[TASK MATERIAL]:
Lemma aicn_alpha_sqr_lt : L * alpha ^+ 2 * G ^+ 2 < L * G ^+ 2.
Proof.
have a0 := aicn_alpha_gt0; have a1 := aicn_alpha_lt1.
have : 0 < (1 - alpha ^+ 2) * (L * G ^+ 2).
  by rewrite mulr_gt0 ?mulr_gt0 ?exprn_gt0 // subr_gt0 expr_lt1 // ltW.
lra.
Qed.

Lemma aicn_root_le (b : R) :
  0 <= b -> G <= (b ^+ 2 - 1) / (2 * L) -> q <= b.
Proof.
move=> b0; rewrite ler_pdivlMr ?mulr_gt0 // => Gb.
by rewrite -(ger0_norm b0) -sqrtr_sqr ler_sqrt ?sqr_ge0 //; lra.
Qed.

End AICNStepsize.

Lemma semi_strongly_sc_le (R : realType) (d : nat) (hess : 'cV[R]_d -> 'M[R]_d)
    (L L' : R) :
  semi_strongly_sc hess L -> L <= L' -> semi_strongly_sc hess L'.
Proof.
move=> hess_sc LL' x y v v0; apply: le_trans (hess_sc x y v v0) _.
by rewrite ler_wpM2r // lnorm_ge0.
Qed.

Section SemiStronglySelfConcordant.
Variables (R : realType) (d : nat) (L : R).
Variables (grad : 'cV[R]_d -> 'cV[R]_d) (hess : 'cV[R]_d -> 'M[R]_d).
Hypothesis grad_hess : forall x v, is_derive x v grad (hess x *m v).
Hypothesis hess_spd : forall x, sym_pd (hess x).
Hypothesis hess_sc : semi_strongly_sc hess L.
Hypothesis L0 : 0 < L.
Implicit Types (x y u v z : 'cV[R]_d).

Lemma dotp_hess_diff_le x y u v :
  dotp ((hess y - hess x) *m u) v
    <= L * lnorm (hess x) u * lnorm (hess x) (y - x) * lnorm (hess x) v.
Proof.
have [->|u0] := eqVneq u 0.
  by rewrite mulmx0 dotp0l /lnorm mulmx0 dotp0l sqrtr0 mulr0 !mul0r.
apply: le_trans (ler_norm _) _; rewrite dotpC.
apply: le_trans (normr_dotp_le (hess_spd x) _ _) _.
rewrite mulrC ler_wpM2r ?lnorm_ge0 //.
have u_pos : 0 < lnorm (hess x) u by rewrite sqrtr_gt0; exact: (hess_spd x).2.
by rewrite mulrAC -ler_pdivrMr //; exact: hess_sc.
Qed.

Lemma hess_form_le x y v :
  dotp (hess y *m v) v <= (1 + L * lnorm (hess x) (y - x)) * dotp (hess x *m v) v.
Proof.
have -> : dotp (hess y *m v) v
          = dotp (hess x *m v) v + dotp ((hess y - hess x) *m v) v.
  by rewrite mulmxBl dotpBl; ring.
rewrite mulrDl mul1r lerD2l -(lnorm_sqr (hess_spd x)).
rewrite (_ : _ * _ ^+ 2 = L * lnorm (hess x) v * lnorm (hess x) (y - x) * lnorm (hess x) v).
  exact: dotp_hess_diff_le.
by ring.
Qed.

Lemma grad_taylor x h z :
  dotp (grad (x + h) - grad x - hess x *m h) z
    <= L / 2 * lnorm (hess x) h ^+ 2 * lnorm (hess x) z.
Proof.
set C := dotp (hess x *m h) z.
set K := L / 2 * lnorm (hess x) h ^+ 2 * lnorm (hess x) z.
pose psi t := dotp (grad (x + t *: h)) z - (t * C + t ^+ 2 * K).
pose dpsi t := dotp (hess (x + t *: h) *m h) z - (C + 2 * t * K).
have psi_dpsi (t : R) : is_derive t (1 : R) psi (dpsi t).
  apply: is_deriveB; first exact: is_derive_line (is_derive_dotpl _ (grad_hess _ _)).
  apply: is_derive_eq.
  rewrite !scaler0 !add0r -[C%:A]/(C * 1) -[t%:A]/(t * 1) -[K *: _]/(K * _).
  by ring.
(* By self-concordance dpsi <= 0 on (0, 1), so psi 1 <= psi 0. *)
have [c /andP[c0 c1] psiE] := MVT_open ltr01 psi_dpsi.
have dpsi_le0 : dpsi c <= 0.
  have := dotp_hess_diff_le x (x + c *: h) h z.
  rewrite addrAC subrr add0r lnormZ ger0_norm ?(ltW c0) // mulmxBl dotpBl -/C.
  have := lnorm_ge0 (hess x) h; have := lnorm_ge0 (hess x) z.
  rewrite /dpsi /K; nra.
move: psiE dpsi_le0; rewrite /psi scale0r addr0 scale1r !dotpBl -/C; lra.
Qed.

Variable x : 'cV[R]_d.
Hypothesis grad_neq0 : grad x != 0.
Local Notation G := (dnorm (hess x) (grad x)).
Local Notation alpha := (aicn_alpha L G).
Local Notation x1 := (aicn_step grad hess L x).

Lemma dnorm_grad_gt0 : 0 < G.
Proof.
rewrite -(lnorm_invmx (hess_spd x)) /lnorm sqrtr_gt0; apply: (hess_spd x).2.
apply: contraNneq grad_neq0 => /(congr1 (mulmx (hess x))).
by rewrite mulmxA mulmxV ?sym_pd_unitmx // mul1mx mulmx0 => ->.
Qed.

Lemma aicn_step_subr : x1 - x = (- alpha) *: (invmx (hess x) *m grad x).
Proof. by rewrite /aicn_step addrAC subrr add0r scaleNr. Qed.

Lemma hess_mul_aicn_step : hess x *m (x1 - x) = (- alpha) *: grad x.
Proof.
by rewrite aicn_step_subr -scalemxAr mulmxA mulmxV ?sym_pd_unitmx // mul1mx.
Qed.

Lemma lnorm_aicn_step : lnorm (hess x) (x1 - x) = alpha * G.
Proof.
rewrite aicn_step_subr lnormZ lnorm_invmx // normrN gtr0_norm //.
exact: aicn_alpha_gt0 L0 dnorm_grad_gt0.
Qed.

Lemma aicn_grad_dnorm_le : dnorm (hess x) (grad x1) <= L * alpha ^+ 2 * G ^+ 2.
Proof.
have G0 := dnorm_grad_gt0.
have a0 := aicn_alpha_gt0 L0 G0; have a1 := aicn_alpha_lt1 L0 G0.
have aG := aicn_alpha_sqrE L0 G0.
apply: (dnorm_le_of_dotp (hess_spd x)) => [|z].
  by rewrite mulr_ge0 ?sqr_ge0 // mulr_ge0 ?sqr_ge0 // ltW.
have gz : dotp (grad x) z <= G * lnorm (hess x) z.
  rewrite dotpC mulrC; apply: le_trans (ler_norm _) _.
  exact: normr_dotp_le (hess_spd x) z (grad x).
have := grad_taylor x (x1 - x) z.
rewrite subrKC lnorm_aicn_step hess_mul_aicn_step !dotpBl dotpZl.
have -> : L / 2 * (alpha * G) ^+ 2 = L * alpha ^+ 2 * G * G / 2 by ring.
have -> : L * alpha ^+ 2 * G ^+ 2 = L * alpha ^+ 2 * G * G by ring.
rewrite aG.
have a1' : 0 <= 1 - alpha by rewrite subr_ge0 ltW.
have := ler_wpM2l a1' gz; lra.
Qed.

Lemma aicn_next_dnorm_le (c : R) : 0 < c < 1 ->
  G <= ((2 * c + 1) ^+ 2 - 1) / (2 * L) ->
  dnorm (hess x1) (grad x1) <= L * alpha ^+ 2 / (1 - c) * G ^+ 2.
Proof.
move=> /andP[c0 c1] Gc; have G0 := dnorm_grad_gt0.
set a := lnorm (hess x1) (x - x1).
have step_le : L * (alpha * G) <= 2 * c.
  rewrite mulrCA aicn_alpha_mulE // lerBlDr.
  by apply: aicn_root_le Gc => //; rewrite addr_ge0 ?mulr_ge0 // ltW.
have a_le : (L * a) ^+ 2 <= (1 + L * (alpha * G)) * (L * (alpha * G)) ^+ 2.
  have := hess_form_le x x1 (x - x1).
  rewrite -(lnorm_sqr (hess_spd x1)) -(lnorm_sqr (hess_spd x)) -/a.
  rewrite -[x - x1]opprB lnormN lnorm_aicn_step.
  move=> /(ler_wpM2l (sqr_ge0 L)); rewrite !exprMn; lra.
have contraction : (1 + L * a) * (1 - c) ^+ 2 <= 1.
  have a0 := aicn_alpha_gt0 L0 G0.
  apply: le1_of_sqr_le_cubic a_le; first by rewrite c0 c1.
    by rewrite step_le (mulr_ge0 (ltW L0)) // (mulr_ge0 (ltW a0) (ltW G0)).
  by rewrite mulr_ge0 ?lnorm_ge0 // ltW.
have La0 : 0 <= 1 + L * a by rewrite addr_ge0 ?mulr_ge0 ?lnorm_ge0 // ltW.
have c1' : 0 <= 1 - c by rewrite subr_ge0 ltW.
have sqrt_le : Num.sqrt (1 + L * a) * (1 - c) <= 1.
  by rewrite -(ger0_norm c1') -sqrtr_sqr -sqrtrM // -[leRHS]sqrtr1 ler_sqrt.
have hess_ratio := dnorm_le_sqrt_mul (hess_spd x) (hess_spd x1) La0 (hess_form_le x1 x).
rewrite mulrAC ler_pdivlMr ?subr_gt0 //.
apply: le_trans (ler_wpM2r c1' (hess_ratio _)) _.
rewrite [leLHS]mulrAC; apply: le_trans (ler_wpM2r (dnorm_ge0 _ _) sqrt_le) _.
by rewrite mul1r aicn_grad_dnorm_le.
Qed.

Lemma aicn_next_dnorm_le_dnorm (c : R) : 0 < c < 1 ->
  G <= ((2 * c + 1) ^+ 2 - 1) / (2 * L) -> G <= ((2 - c) ^+ 2 - 1) / (2 * L) ->
  dnorm (hess x1) (grad x1) <= G.
Proof.
move=> c01 Gc Gc'; apply: le_trans (aicn_next_dnorm_le c01 Gc) _.
have G0 := dnorm_grad_gt0; have a0 := aicn_alpha_gt0 L0 G0.
move: c01 => /andP[c0 c1].
have q_le : Num.sqrt (1 + 2 * L * G) <= 2 - c by apply: aicn_root_le Gc' => //; lra.
have alpha_ge : 2 <= alpha * (3 - c).
  have := ler_wpM2l (ltW a0) q_le; have := aicn_alpha_rootE L0 G0; lra.
have alpha_ge' : 1 + c <= 2 * alpha by nra.
rewrite (_ : _ * G ^+ 2 = L * alpha ^+ 2 * G * G / (1 - c)); last by ring.
rewrite aicn_alpha_sqrE // ler_pdivrMr ?subr_gt0 //; nra.
Qed.

End SemiStronglySelfConcordant.

Theorem lemma8 (R : realType) (d : nat) (f : 'cV[R]_d -> R)
  (grad : 'cV[R]_d -> 'cV[R]_d) (hess : 'cV[R]_d -> 'M[R]_d)
  (Lsemi Lest : R) (xk : 'cV[R]_d) :
  convex_function setT f ->
  C2_with f grad hess ->
  hess_pd hess ->
  semi_strongly_sc hess Lsemi ->
  0 < Lest -> Lsemi <= Lest ->
  grad xk != 0 ->
  let G := dnorm (hess xk) (grad xk) in
  let alpha := aicn_alpha Lest G in
  let xk1 := aicn_step grad hess Lest xk in
  (* (i) *)
  (dnorm (hess xk) (grad xk1) <= Lest * alpha ^+ 2 * G ^+ 2
   /\ Lest * alpha ^+ 2 * G ^+ 2 < Lest * G ^+ 2)
  (* (ii) *)
  /\ (forall c : R, 0 < c -> c < 1 ->
        G <= ((2 * c + 1) ^+ 2 - 1) / (2 * Lest) ->
        dnorm (hess xk1) (grad xk1) <= Lest * alpha ^+ 2 / (1 - c) * G ^+ 2)
  (* (iii) *)
  /\ (forall c : R, 0 < c -> c < 1 ->
        G <= ((2 * c + 1) ^+ 2 - 1) / (2 * Lest) ->
        G <= ((2 - c) ^+ 2 - 1) / (2 * Lest) ->
        dnorm (hess xk1) (grad xk1) <= G).
Proof.
move=> _ [f_grad [grad_hess hess_cont]] hess_pd Lsemi_sc L0 LsemiL g0; cbv zeta.
have hess_spd x : sym_pd (hess x).
  by split; [exact: hess_sym f_grad grad_hess hess_cont x | exact: hess_pd].
have hess_sc := semi_strongly_sc_le Lsemi_sc LsemiL.
have G0 := dnorm_grad_gt0 hess_spd g0.
split; first split.
- exact (aicn_grad_dnorm_le grad_hess hess_spd hess_sc L0 g0).
- exact: aicn_alpha_sqr_lt.
split=> c c0 c1; have c01 : 0 < c < 1 by rewrite c0 c1.
- exact (aicn_next_dnorm_le grad_hess hess_spd hess_sc L0 g0 c01).
- exact (aicn_next_dnorm_le_dnorm grad_hess hess_spd hess_sc L0 g0 c01).
Qed.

[PROMPT]: The response should hold exactly the lines starting at the line with "have := dotp_hess_diff_le" and ending at the line with "Lemma aicn_step_subr : x1", and no other line of the material above.

[WORKED SOLUTION]:
  have := dotp_hess_diff_le x (x + c *: h) h z.
  rewrite addrAC subrr add0r lnormZ ger0_norm ?(ltW c0) // mulmxBl dotpBl -/C.
  have := lnorm_ge0 (hess x) h; have := lnorm_ge0 (hess x) z.
  rewrite /dpsi /K; nra.
move: psiE dpsi_le0; rewrite /psi scale0r addr0 scale1r !dotpBl -/C; lra.
Qed.

Variable x : 'cV[R]_d.
Hypothesis grad_neq0 : grad x != 0.
Local Notation G := (dnorm (hess x) (grad x)).
Local Notation alpha := (aicn_alpha L G).
Local Notation x1 := (aicn_step grad hess L x).

Lemma dnorm_grad_gt0 : 0 < G.
Proof.
rewrite -(lnorm_invmx (hess_spd x)) /lnorm sqrtr_gt0; apply: (hess_spd x).2.
apply: contraNneq grad_neq0 => /(congr1 (mulmx (hess x))).
by rewrite mulmxA mulmxV ?sym_pd_unitmx // mul1mx mulmx0 => ->.
Qed.

Lemma aicn_step_subr : x1 - x = (- alpha) *: (invmx (hess x) *m grad x).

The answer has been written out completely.